In April, the task force issued an updated proposal reiterating the recommendation to start screening at 50.

Adopting a more conservative starting age brings the ACS "closer to the USPSTF guidelines," noted an editorial accompanying the ACS guidelines, published Tuesday in the Journal of the American Medical Association.

Christina Meehan, 34, a marketer from Ardmore, does not think such conservatism is prudent, based on her own unusual experience. Two years ago, she went to her doctor with breast swelling and redness. A mammogram and tests led to a diagnosis of inflammatory breast cancer, a rare, aggressive form.

"A lot of people look to the ACS as the organization that sets the standards," Meehan said. "If a woman who is 35 or 40 is having an issue with her breast, but she thinks 'Oh, the ACS says don't start mammograms until 45,' it may deter her from getting it checked out."

The question of how beneficial mammography is to women in their forties - and whether that outweighs the risks of false alarms and overtreatment - has no simple answer.

Most analyses of clinical trials estimate mammography reduces the risk of dying of breast cancer by 15 percent for women in their forties, compared with 30 percent for women in their fifties. By reviewing more recent but less rigorous studies, the ACS guidelines committee estimated the "mortality benefit" for women in their forties could be as high as 40 percent.

"It should put to rest any question about whether mammography reduces mortality," said Wender, chief cancer control officer at ACS.

But the ACS committee - which conducted an exhaustive medical literature review and solicited critiques from breast cancer advocates and experts - also concluded that lumping together all women in their forties obscures important age-related differences in breast cancer benefits and harms.

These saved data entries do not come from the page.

Definition Phi ws k := dot (W k.+1 - ws) (W k.+1 - ws)
  - 2 * eta * dot (M *m D k) (W k.+1 - ws) + eta * L * dot (D k) (D k).

Lemma Phi_bounds ws k :
  (1 - eta * L) * dot (W k.+1 - ws) (W k.+1 - ws) <= Phi ws k <=
  2 * (dot (W k.+1 - ws) (W k.+1 - ws) + dot (D k) (D k)).
Proof.
rewrite /Phi; have := cross_bound M_bound (ltW Lp) (D k) (W k.+1 - ws).
have := ler_norm (dot (M *m D k) (W k.+1 - ws)).
have := ler_norm (- dot (M *m D k) (W k.+1 - ws)); rewrite normrN.
have := dot_ge0 (D k); have := dot_ge0 (W k.+1 - ws).
move=> h1 h2 h3 h4 h5; apply/andP; split.
- have := ler_wpM2l (ltW etap) h5; have := ler_wpM2l (ltW etap) h4.
  by have := etaL_half; nra.
- have := ler_wpM2l (ltW etap) h5; have := ler_wpM2l (ltW etap) h3.
  by have := etaL_half; have := mulr_gt0 etap Lp; nra.
Qed.

Lemma Phi_ge0 ws k : 0 <= Phi ws k.
Proof.
have /andP[+ _] := Phi_bounds ws k; apply: le_trans.
by apply: mulr_ge0; [have := etaL_half; lra | exact: dot_ge0].
Qed.

Section KKTCentre.
Variables (xs : 'cV[R]_n) (zs : 'cV[R]_m) (ys : 'cV[R]_p).
Hypothesis kkt : kkt_point f g A B c xs zs ys.
Let ws := col_mx (col_mx xs zs) ys.

Lemma Phi_step k : Phi ws k.+1 + (1 - 2 * eta * L) * dot (D k.+1) (D k.+1) <= Phi ws k.
Proof.
have e : W k.+1 - ws + D k.+1 = W k.+2 - ws by rewrite /D addrC addrA subrK.
have := @lyap_step _ _ M L (@M0_skew _ _ _ _ A B) M_bound (ltW Lp) eta
  (W k.+1 - ws) (D k) (D k.+1) etap.
by rewrite e => /(_ (step_monotone kkt k)); rewrite /Phi; lra.
Qed.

It advised screening starting at age 45 based on the finding that women in their late forties are more similar to women in their fifties than to those in their early forties.

In another departure from the past, the ACS advised clinicians to stop doing routine clinical breast exams - feeling the breast for abnormalities - because it hasn't been rigorously studied and seems to increase false alarms.

The ACS stance on clinical exams is even more negative than the USPSTF, which said there isn't enough data to advise for or against the practice.

"I'm a bit surprised" by the ACS's rejection of clinical exams, Bevers said. "They went from recommending it to the other extreme. There is no new data on which to base such a dramatic change."

The ACS guidance urges doctors to discuss the pros and cons of screening with women. It suggests that, given the time constraints of the typical visit to the doctor, the discussion should take the place of clinical breast exams.